Henry Nouwen says: “God calls everyone who is listening; there is no individual or group for whom God’s call is reserved”. In one sense the word of the Lord is rare, but in another sense God’s call is all around us, all the time, calling out to us from life. For some reason, when we start listening, it gets louder. When we pay attention, it seems to become easier to hear it and see it. When we trust that God is with us, then, for some reason, it becomes stronger.

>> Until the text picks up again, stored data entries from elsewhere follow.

(* Let $A\in\mathbb{C}^{n\times n}$, $B\in\mathbb{C}^{n\times m}$, $C\in\mathbb{C}^{p\times n}$, let $j\ge 1$, and let $\mathcal{R}(X):=A^HX+XA+C^HC-XBB^HX$. Suppose $A^HV_{j+1}\underline{K}_j=V_{j+1}\underline{H}_j$ is an orthonormal block rational Arnoldi decomposition (as defined in the context) with $V_{j+1}\in\mathbb{C}^{n\times (j+1)p}$, $\underline{K}_j,\underline{H}_j\in\mathbb{C}^{(j+1)p\times jp}$, where $\underline{K}_j$ has full column rank $jp$, and let $\tilde C\in\mathbb{C}^{(j+1)p\times p}$ satisfy $C^H=V_{j+1}\tilde C$. Let $\underline{L}_j\in\mathbb{C}^{(j+1)p\times jp}$ be such that $\underline{L}_j^H\underline{K}_j$ is nonsingular. Define $$A_j=\underline{H}_j^H\underline{L}_j(\underline{K}_j^H\underline{L}_j)^{-1},\quad B_j=\underline{K}_j^HV_{j+1}^HB,\quad C_j=\tilde C^H\underline{L}_j(\underline{K}_j^H\underline{L}_j)^{-1},$$ let $Y_j=Y_j^H\in\mathbb{C}^{jp\times jp}$ be a Hermitian solution of $A_j^HY_j+Y_jA_j+C_j^HC_j-Y_jB_jB_j^HY_j=0$, and set $X_j=V_{j+1}\underline{K}_jY_j\underline{K}_j^HV_{j+1}^H$. Let $U\in\mathbb{C}^{(j+1)p\times p}$ be a matrix whose columns form a basis of $\operatorname{range}(\underline{L}_j)^\perp$ and $W\in\mathbb{C}^{(j+1)p\times p}$ a matrix whose columns form a basis of $\operatorname{range}(\underline{K}_j)^\perp$ (orthogonal complements in $\mathbb{C}^{(j+1)p}$). Then $W^HU$ is nonsingular; define $$T=\underline{K}_jY_j\underline{H}_j^HW(U^HW)^{-1}+\bigl(\tilde C-\tfrac12 U(W^HU)^{-1}W^H\tilde C\bigr)\tilde C^HW(U^HW)^{-1}\in\mathbb{C}^{(j+1)p\times p},$$ and let $[U~~T]=QR$ be an economy-size QR decomposition with $Q\in\mathbb{C}^{(j+1)p\times 2p}$ having orthonormal columns and $R\in\mathbb{C}^{2p\times 2p}$. Then $\mathcal{R}(X_j)=V_{j+1}(UT^H+TU^H)V_{j+1}^H$, so $\operatorname{rank}\mathcal{R}(X_j)\le 2p$, and for every unitarily invariant norm $\|\cdot\|$, $$\|\mathcal{R}(X_j)\|=\left\|R\begin{bmatrix}0&I_p\\ I_p&0\end{bmatrix}R^H\right\|.$$
   Context: Shifts: a set $\mathcal{S}_j=\{s_1,\dots,s_j\}\subset\mathbb{C}$ (finite) disjoint from the spectrum of $A^H$. The block rational Krylov space is $\mathfrak{K}_{j+1}=\operatorname{range}([C^H,(A^H-s_1I)^{-1}C^H,\dots,(A^H-s_jI)^{-1}C^H])$, assumed to have dimension $(j+1)p$. An orthonormal block rational Arnoldi decomposition (BRAD) is a relation $A^HV_{j+1}\underline{K}_j=V_{j+1}\underline{H}_j$ where: the columns of $V_{j+1}\in\mathbb{C}^{n\times(j+1)p}$ are orthonormal and span $\mathfrak{K}_{j+1}$; $\underline{H}_j,\underline{K}_j\in\mathbb{C}^{(j+1)p\times jp}$ are block upper Hessenberg with $p\times p$ blocks $H_{ik},K_{ik}$, where for each $i=1,\dots,j$ at least one of the subdiagonal blocks $H_{i+1,i},K_{i+1,i}$ is nonsingular and $\beta_iK_{i+1,i}=\gamma_iH_{i+1,i}$ for scalars with $|\beta_i|+|\gamma_i|\neq0$, the quotients $\beta_i/\gamma_i$ (the poles) being the shifts $s_1,\dots,s_j$. Here $\underline{K}_j$ is of full column rank. *)

From HB Require Import structures.
From mathcomp Require Import all_boot all_order all_algebra.
From mathcomp Require Import sesquilinear spectral.
Set Implicit Arguments. Unset Strict Implicit. Unset Printing Implicit Defensive.
Import Order.TTheory GRing.Theory Num.Theory.
Local Open Scope ring_scope.

(* We work over an arbitrary numClosedFieldType C (e.g. the complex numbers);
   M ^t* is the conjugate transpose M^H (from mathcomp's spectral.v). *)

Section Defs.
Variable C : numClosedFieldType.
Local Open Scope sesquilinear_scope.

(* entry (x,y) of M as natural-number indices; 0 when out of range *)
Definition mxentry r c (M : 'M[C]_(r, c)) (x y : nat) : C :=
  \sum_(u : 'I_r | val u == x) \sum_(v : 'I_c | val v == y) M u v.

(* the p x p block (i,k) (0-based block indices) of M *)
Definition mxblk p r c (M : 'M[C]_(r, c)) (i k : nat) : 'M[C]_p :=
  \matrix_(a < p, b < p) mxentry M (i * p + a) (k * p + b).

Definition block_upper_hessenberg p r c (M : 'M[C]_(r, c)) : Prop :=
  forall (x : 'I_r) (y : 'I_c), (y %/ p + 1 < x %/ p)%N -> M x y = 0.

(* the block rational Krylov space K_{j+1}, represented as a row space of
   transposed generators: range [C^H, (A^H - s_0 I)^{-1} C^H, ...,
   (A^H - s_{j-1} I)^{-1} C^H]  (shifts s_0..s_{j-1} = s_1..s_j of the paper) *)
Definition rat_krylov n p j (A : 'M[C]_n) (Cm : 'M[C]_(p, n)) (s : nat -> C)
  : 'M[C]_n :=
  (<< (Cm ^t*)^T >> +
   \sum_(i < j) << (invmx (A ^t* - s i *: 1%:M) *m Cm ^t*)^T >>)%MS.

Definition orth_BRAD n p j (A : 'M[C]_n) (Cm : 'M[C]_(p, n)) (s : nat -> C)
  (V : 'M[C]_(n, j.+1 * p)) (K H : 'M[C]_(j.+1 * p, j * p)) : Prop :=
  (forall i, (i < j)%N -> ~~ eigenvalue (A ^t*) (s i)) /\
  \rank (rat_krylov j A Cm s) = (j.+1 * p)%N /\
  V ^t* *m V = 1%:M /\
  (V^T == rat_krylov j A Cm s)%MS /\
  A ^t* *m V *m K = V *m H /\
  block_upper_hessenberg p H /\ block_upper_hessenberg p K /\
  (forall i, (i < j)%N ->
     (mxblk p H i.+1 i \in unitmx \/ mxblk p K i.+1 i \in unitmx) /\
     exists beta gamma : C, `|beta| + `|gamma| != 0 /\ gamma != 0 /\
       beta / gamma = s i /\
       beta *: mxblk p K i.+1 i = gamma *: mxblk p H i.+1 i) /\
  \rank K = (j * p)%N.

Definition riccati n m p (A : 'M[C]_n) (B : 'M[C]_(n, m)) (Cm : 'M[C]_(p, n))
  (X : 'M[C]_n) : 'M[C]_n :=
  A ^t* *m X + X *m A + Cm ^t* *m Cm - X *m B *m B ^t* *m X.

Definition perp_basis r k c (U : 'M[C]_(r, k)) (L : 'M[C]_(r, c)) : Prop :=
  row_free U^T /\
  forall v : 'cV[C]_r, (L ^t* *m v == 0) = (v^T <= U^T)%MS.

Definition unitary k (M : 'M[C]_k) : Prop := M *m M ^t* = 1%:M.

(* a unitarily invariant norm, as a family over all square dimensions,
   consistent under zero padding (as for norms induced by a symmetric
   gauge function of the singular values) *)
Definition unitarily_invariant_norm (N : forall k, 'M[C]_k -> C) : Prop :=
  (forall k (M : 'M[C]_k), N k M \is Num.real /\ 0 <= N k M) /\
  (forall k (M : 'M[C]_k), N k M = 0 -> M = 0) /\
  (forall k (a : C) (M : 'M[C]_k), N k (a *: M) = `|a| * N k M) /\
  (forall k (M1 M2 : 'M[C]_k), N k (M1 + M2) <= N k M1 + N k M2) /\
  (forall k (P Q M : 'M[C]_k), unitary P -> unitary Q ->
      N k (P *m M *m Q) = N k M) /\
  (forall k l (M : 'M[C]_k), N (k + l)%N (block_mx M 0 0 (0 : 'M_l)) = N k M).

End Defs.

From mathcomp Require Import all_boot all_order all_algebra.
From mathcomp Require Import sesquilinear spectral.
Import Order.TTheory GRing.Theory Num.Theory.
Local Open Scope ring_scope.
Local Open Scope sesquilinear_scope.
Set Implicit Arguments.
Unset Strict Implicit.
Unset Printing Implicit Defensive.

(* Since A^H V K = V H and C^H = V Ct, the residual R(X_j) compresses to
   V M V^H, with M Hermitian of size (j+1)p.  For P = L (K^H L)^-1 we have
   K^H P = I, and P^H M P is the residual of the projected Riccati equation,
   so L^H M L = 0.  With G = (W^H U)^-1 W^H the oblique projector I - U G
   has its adjoint's range in range(U)^perp = range(L), hence
   (I - U G) M (I - U G)^H = 0; expanding this gives M = U T^H + T U^H with
   T = (M - U G M / 2) G^H, which is the T of the statement because
   G K = 0.  Finally U T^H + T U^H = [U T] J [U T]^H = Q (R J R^H) Q^H and
   V Q has orthonormal columns, so rank and unitarily invariant norms are
   those of R J R^H. *)

Section ConjTranspose.
Variable C : numClosedFieldType.

Lemma trmxC_mul m n k (A : 'M[C]_(m, n)) (B : 'M[C]_(n, k)) :
  (A *m B) ^t* = B ^t* *m A ^t*.
Proof. by rewrite trmx_mul map_mxM. Qed.

Lemma trmxCD m n (A B : 'M[C]_(m, n)) : (A + B) ^t* = A ^t* + B ^t*.
Proof. by rewrite linearD map_mxD. Qed.

Lemma trmxCB m n (A B : 'M[C]_(m, n)) : (A - B) ^t* = A ^t* - B ^t*.
Proof. by rewrite linearB map_mxB. Qed.

Lemma trmxCZ m n (a : C) (A : 'M[C]_(m, n)) : (a *: A) ^t* = a^* *: A ^t*.
Proof. by rewrite linearZ map_mxZ. Qed.

Lemma trmxC0 m n : (0 : 'M[C]_(m, n)) ^t* = 0.
Proof. by rewrite trmx0 map_mx0. Qed.

Lemma trmxC1 n : (1%:M : 'M[C]_n) ^t* = 1%:M.
Proof. by rewrite trmx1 map_mx1. Qed.

Lemma trmxC_inv n (A : 'M[C]_n) : (invmx A) ^t* = invmx (A ^t*).
Proof. by rewrite trmx_inv map_invmx. Qed.

Lemma trmxC_unit n (A : 'M[C]_n) : (A ^t* \in unitmx) = (A \in unitmx).
Proof. by rewrite map_unitmx unitmx_tr. Qed.

Lemma trmxC_row_mx m n1 n2 (A : 'M[C]_(m, n1)) (B : 'M[C]_(m, n2)) :
  (row_mx A B) ^t* = col_mx (A ^t*) (B ^t*).
Proof. by rewrite tr_row_mx map_col_mx. Qed.

Lemma trmxC_col_mx m1 m2 n (A : 'M[C]_(m1, n)) (B : 'M[C]_(m2, n)) :
  (col_mx A B) ^t* = row_mx (A ^t*) (B ^t*).
Proof. by rewrite tr_col_mx map_row_mx. Qed.

Lemma trmxC_inj m n : injective (fun A : 'M[C]_(m, n) => A ^t*).
Proof. by move=> A B /(congr1 (fun M => M ^t*)); rewrite !trmxCK. Qed.

Lemma trmxC_mul_eq0 m n k (A : 'M[C]_(m, n)) (B : 'M[C]_(n, k)) :
  A *m B = 0 -> B ^t* *m A ^t* = 0.
Proof. by move=> AB0; rewrite -trmxC_mul AB0 trmxC0. Qed.

End ConjTranspose.

(* spectral.v's (local) orthogonal complement for the standard product *)
Local Notation "B ^!" :=
  (orthomx Num.Def.conjC (mx_of_hermitian (hermitian1mx _)) B)
  : matrix_set_scope.

Section PerpBasis.
Variables (C : numClosedFieldType) (r k c : nat).
Variables (U : 'M[C]_(r, k)) (L : 'M[C]_(r, c)).
Hypothesis UperpL : perp_basis U L.

Lemma perp_basis_orthoE : (U^T :=: (L^T)^!)%MS.
Proof.
have subU (x : 'rV[C]_r) : (x <= U^T)%MS = (x <= (L^T)^!)%MS.
  rewrite orthomx1E -(trmxK x) -(proj2 UperpL) -trmx_eq0 trmx_mul trmxK.
  by rewrite map_trmx.
by apply/eqmxP/andP; split; apply/row_subP => i; [rewrite -subU | rewrite subU];
  exact: row_sub.
Qed.

Lemma perp_basis_mul0 : L ^t* *m U = 0.
Proof.
have /orthomx1P UL0 : (U^T <= (L^T)^!)%MS by rewrite -perp_basis_orthoE.
by apply: trmx_inj; rewrite trmx_mul map_trmx UL0 trmx0.
Qed.

Lemma perp_basis_mul0C : U ^t* *m L = 0.
Proof. by rewrite -[L]trmxCK; apply: trmxC_mul_eq0; apply: perp_basis_mul0. Qed.

Lemma perp_basis_range q (y : 'M[C]_(r, q)) :
  U ^t* *m y = 0 -> exists z : 'M[C]_(c, q), y = L *m z.
Proof.
move=> Uy0; have : (y^T <= L^T)%MS.
  have sUL : ((U^T)^! <= L^T)%MS.
    have L_ortho2 : ((L^T)^!^! <= L^T)%MS by rewrite ortho_id.
    by apply: submx_trans L_ortho2; rewrite submx_ortho perp_basis_orthoE.
  by apply: submx_trans sUL; rewrite orthomx1E -map_trmx -trmx_mul Uy0 trmx0.
by case/submxP=> D yD; exists D^T; rewrite -[y]trmxK yD trmx_mul trmxK.
Qed.

Lemma perp_basis_inj q (z : 'M[C]_(k, q)) : U *m z = 0 -> z = 0.
Proof.
move=> Uz0; apply: trmx_inj; apply: (row_free_inj (proj1 UperpL)).
by rewrite trmx0 mul0mx -trmx_mul Uz0 trmx0.
Qed.

End PerpBasis.

Lemma perp_basis_cross_unit (C : numClosedFieldType) r k c
    (U W : 'M[C]_(r, k)) (L K : 'M[C]_(r, c)) :
  perp_basis U L -> perp_basis W K -> L ^t* *m K \in unitmx ->
  W ^t* *m U \in unitmx.
Proof.
move=> UperpL WperpK LK_unit.
rewrite -row_full_unit -cokermx_eq0; apply/eqP.
set v := cokermx _; have WUv0 : W ^t* *m (U *m v) = 0.
  by rewrite mulmxA mulmx_coker.
have [z Uv_eq] := perp_basis_range WperpK WUv0.
have z0 : z = 0.
  have LKz0 : L ^t* *m K *m z = 0.
    by rewrite -mulmxA -Uv_eq mulmxA (perp_basis_mul0 UperpL) mul0mx.
  by rewrite -(mulKmx LK_unit z) LKz0 mulmx0.
by apply: (perp_basis_inj UperpL); rewrite Uv_eq z0 mulmx0.
Qed.

Section UnitarilyInvariantNorm.
Variables (C : numClosedFieldType) (N : forall k, 'M[C]_k -> C).
Hypothesis N_ui : unitarily_invariant_norm N.

Lemma uinorm_conj_unitary k l (P : 'M[C]_(l, k)) (M : 'M[C]_k) :
  k = l -> P ^t* *m P = 1%:M -> N (P *m M *m P ^t*) = N M.
Proof.
move=> kl; case: l / kl in P *; move=> PtP.
have [_ [_ [_ [_ [N_unitary _]]]]] := N_ui.
by apply: N_unitary; rewrite /unitary ?trmxCK //; apply: mulmx1C.
Qed.

Lemma uinorm_conj_isometry n k (Z : 'M[C]_(n, k)) (M : 'M[C]_k) :
  Z ^t* *m Z = 1%:M -> N (Z *m M *m Z ^t*) = N M.
Proof.
(* Complete the rows of Z^H to a unitary matrix, then strip the padding. *)
move=> ZtZ; set V := Z ^t*.
have V_unitary : V \is unitarymx by apply/unitarymxP; rewrite trmxCK.
set S1 := schmidt (row_base V); set S2 := schmidt (row_base V^!%MS).
have S1_unitary : S1 \is unitarymx.
  by apply: schmidt_unitarymx; apply: rank_leq_col.
have /submxP [D VD] : (V <= S1)%MS.
  by apply: submx_trans (schmidt_sub _); rewrite eq_row_base.
have D_unitary : D *m D ^t* = 1%:M.
  have -> : D *m D ^t* = V *m V ^t*.
    by rewrite [in RHS]VD trmxC_mul mulmxA mulmxtVK.
  exact/unitarymxP.
have ZE : Z = S1 ^t* *m D ^t* by rewrite -trmxC_mul -VD trmxCK.
have -> : Z *m M *m Z ^t* =
    (col_mx S1 S2) ^t* *m block_mx (D ^t* *m M *m D ^t* ^t*) 0 0 0
      *m (col_mx S1 S2) ^t* ^t*.
  rewrite !trmxCK trmxC_col_mx mul_row_block !mulmx0 !addr0 mul_row_col.
  by rewrite mul0mx addr0 ZE !trmxC_mul !trmxCK !mulmxA.
have [_ [_ [_ [_ [_ N_pad]]]]] := N_ui.
rewrite uinorm_conj_unitary ?N_pad ?uinorm_conj_unitary ?trmxCK //.
- exact/esym/mxrank_unitary.
- exact: add_rank_ortho.
- by apply/unitarymxP; apply: schmidt_complete_unitarymx.
Qed.
(* Write F for 3F2(1, a, a; 1 + a, 1 + a; .), a = alpha, whose series is
   sum_k a^2 w^k / (a + k)^2.  With theta = w d/dw, termwise (theta + a)^2 F
   = sum_k a^2 w^k = a^2 / (1 - w) on (-1, 1); since F is analytic on
   (-oo, 1), an identity theorem for real-analytic functions on a half-line
   extends this Euler equation to all w < 1.  Substituting w = -e^t, the
   function K(t) = e^{a t} F(-e^t) satisfies K'' = a^2 e^{a t} / (e^t + 1).

   The integrand of L_g depends only on s = e + e', and equals
   beta^2 K''(beta (s - mu)) / (4 sinh^2(alpha beta mu / 2)); a second-order
   fundamental theorem of calculus for double integrals of functions of
   x + y then evaluates L_g through K(beta mu), K(0) and K(-beta mu). *)

Definition ps_expansion (G : R -> R) (x0 r : R) (c : nat -> R) : Prop :=
  forall h, Rabs h < r -> is_pseries c h (G (x0 + h)).

Lemma real_analytic_below_expansion (b : R) (G : R -> R) :
  real_analytic_below b G <->
  forall x0, x0 < b -> exists r c, 0 < r /\ ps_expansion G x0 r c.
Proof.
  split.
  - intros HA x0 Hx. destruct (HA x0 Hx) as [r [Hr [c Hc]]].
    exists r, c. split; [exact Hr|]. intros h Hh. apply is_pseries_R.
    specialize (Hc (x0 + h)). replace (x0 + h - x0) with h in Hc by ring. auto.
  - intros HA x0 Hx. destruct (HA x0 Hx) as [r [c [Hr Hc]]].
    exists r. split; [exact Hr|]. exists c. intros x Hxr.
    apply is_pseries_R. replace x with (x0 + (x - x0)) at 2 by ring. auto.
Qed.

Lemma ps_expansion_shrink G x0 r r' c :
  r' <= r -> ps_expansion G x0 r c -> ps_expansion G x0 r' c.
Proof. intros Hle H h Hh. apply H. lra. Qed.

Lemma radius_of_convergent_pseries (c : nat -> R) (r : R) :
  (forall h, Rabs h < r -> ex_pseries c h) ->
  forall h, Rabs h < r -> Rbar_lt (Rabs h) (CV_radius c).
Proof.
  intros Hc h Hh.
  destruct (Rbar_lt_le_dec (Rabs h) (CV_radius c)) as [|Hle]; [assumption|].
  exfalso. set (y := (Rabs h + r) / 2).
  assert (Hy : Rabs h < Rabs y < r).
  { unfold y. pose proof (Rabs_pos h). rewrite (Rabs_pos_eq ((Rabs h + r) / 2)); lra. }
  apply (CV_disk_outside c y).
  - eapply Rbar_le_lt_trans; [exact Hle|]. simpl; lra.
  - destruct (Hc y (proj2 Hy)) as [l Hl].
    apply ex_series_lim_0. exists l. now apply is_pseries_R.
Qed.

Lemma ps_expansion_radius G x0 r c : ps_expansion G x0 r c ->
  forall h, Rabs h < r -> Rbar_lt (Rabs h) (CV_radius c).
Proof.
  intros H. apply radius_of_convergent_pseries. intros h Hh. eexists. now apply H.
Qed.

Lemma ps_expansion_value G x0 r c : ps_expansion G x0 r c ->
  forall h, Rabs h < r -> G (x0 + h) = PSeries c h.
Proof. intros H h Hh. symmetry. apply is_pseries_unique. now apply H. Qed.

Lemma ps_expansion_is_derive G x0 r c : ps_expansion G x0 r c ->
  forall h, Rabs h < r -> is_derive G (x0 + h) (PSeries (PS_derive c) h).
Proof.
  intros H h Hh.
  apply is_derive_ext_loc with (f := fun y => PSeries c (y - x0)).
  - assert (Hd : 0 < r - Rabs h) by lra.
    exists (mkposreal _ Hd). intros y Hy. cbn in Hy.
    unfold AbsRing_ball, abs, minus, plus, opp in Hy; simpl in Hy.
    replace y with (x0 + (y - x0)) at 2 by ring.
    symmetry. apply (ps_expansion_value G x0 r c H).
    replace (y - x0) with ((y + - (x0 + h)) + h) by ring.
    eapply Rle_lt_trans; [apply Rabs_triang|]. lra.
  - replace (PSeries (PS_derive c) h) with (scal 1 (PSeries (PS_derive c) h))
      by (unfold scal; simpl; unfold mult; simpl; ring).
    apply (is_derive_comp (PSeries c) (fun y => y - x0)).
    + replace (x0 + h - x0) with h by ring.
      apply is_derive_PSeries. eapply ps_expansion_radius; eauto.
    + auto_derive; auto; ring.
Qed.

Lemma ps_expansion_Derive G x0 r c : ps_expansion G x0 r c ->
  ps_expansion (Derive G) x0 r (PS_derive c).
Proof.
  intros H h Hh.
  rewrite (is_derive_unique _ _ _ (ps_expansion_is_derive G x0 r c H h Hh)).
  apply PSeries_correct, ex_pseries_derive. eapply ps_expansion_radius; eauto.
Qed.

Lemma continuous_vanishing_right (f : R -> R) (r : R) : 0 < r ->
  continuity_pt f 0 -> (forall h, 0 < h < r -> f h = 0) -> f 0 = 0.
Proof.
  intros Hr Hc Hz.
  destruct (Req_dec (f 0) 0) as [|Hn]; [assumption|]. exfalso.
  destruct (Hc _ (Rabs_pos_lt _ Hn)) as [d [Hd Hclose]].
  set (x := Rmin d r / 2).
  assert (Hx : 0 < x < r /\ x < d).
  { unfold x. pose proof (Rmin_l d r); pose proof (Rmin_r d r).
    pose proof (Rmin_pos d r Hd Hr). lra. }
  specialize (Hclose x). cbn in Hclose. unfold R_dist, D_x, no_cond in Hclose.
  rewrite (Hz x), Rminus_0_l, Rabs_Ropp in Hclose by lra.
  rewrite Rminus_0_r, Rabs_pos_eq in Hclose by lra.
  apply (Rlt_irrefl (Rabs (f 0))), Hclose.
  split; [split; [exact I|apply Rlt_not_eq; lra]|lra].
Qed.

(* A power series vanishing on (0, r), inside its disc of convergence, has
   only zero coefficients: peel off one coefficient at a time. *)
Lemma PSeries_vanishing_right (c : nat -> R) (r : R) : 0 < r ->
  (forall h, Rabs h < r -> Rbar_lt (Rabs h) (CV_radius c)) ->
  (forall h, 0 < h < r -> PSeries c h = 0) -> forall n, c n = 0.
Proof.
  intros Hr Hrad Hz n. revert c Hrad Hz.
  assert (Hc0 : forall c, (forall h, Rabs h < r -> Rbar_lt (Rabs h) (CV_radius c)) ->
                 (forall h, 0 < h < r -> PSeries c h = 0) -> c 0%nat = 0).
  { intros c Hrad Hz. rewrite <- PSeries_0.
    apply (continuous_vanishing_right _ r Hr); [|exact Hz].
    apply PSeries_continuity, Hrad. rewrite Rabs_R0; exact Hr. }
  induction n as [|n IH]; intros c Hrad Hz; [now apply Hc0|].
  apply (IH (PS_decr_1 c)).
  - intros h Hh. rewrite CV_radius_decr_1. now apply Hrad.
  - intros h Hh.
    assert (Hex : ex_pseries c h) by (apply CV_radius_inside, Hrad; rewrite Rabs_pos_eq; lra).
    pose proof (PSeries_decr_1 c h Hex) as Hdecr.
    rewrite Hz, (Hc0 c Hrad Hz) in Hdecr by exact Hh.
    apply Rmult_eq_reg_l with h; lra.
Qed.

Thomas Merton heard the word of God, in a sense, in Louisville on a shopping trip. In “Conjectures of a Guilty Bystander”, he writes: “In Louisville, at the corner of Fourth and Walnut, in the center of the shopping district, I was suddenly overwhelmed with the realization that I loved all those people, that they were mine and I theirs, that we could not be alien to one another even though we were total strangers. It was like waking from a dream of separateness, of spurious self-isolation in a special world, the world of renunciation and supposed holiness…This sense of liberation from an illusory difference was such a relief and such a joy to me that I almost laughed out loud. And I suppose my happiness could have taken form in the words: “Thank God, thank God that I am like other men, that I am only a man among others.” To think that for sixteen or seventeen years I have been taking seriously this pure illusion that is implicit in so much of our monastic thinking…I have the immense joy of being man, a member of a race in which God Himself became incarnate. As if the sorrows and stupidities of the human condition could overwhelm me, now that I realize what we all are. And if only everybody could realize this! But it cannot be explained. There is no way of telling people that they are all walking around shining like the sun. Then it was as if I suddenly saw the secret beauty of their hearts, the depths of their hearts where neither sin nor desire nor self-knowledge can reach, the core of their reality, the person that each one is in God’s eyes. If only they could all see themselves as they really are. If only we could see each other that way all the time. There would be no more war, no more hatred, no more cruelty, no more greed…I suppose the big problem would be that we would fall down and worship each other. But this cannot be seen, only believed and “understood” by a peculiar gift.
God’s voice is all around us, calling us all the time. We need to open our ears to listen. We have to trust that God is present and be awake to the sacredness of life.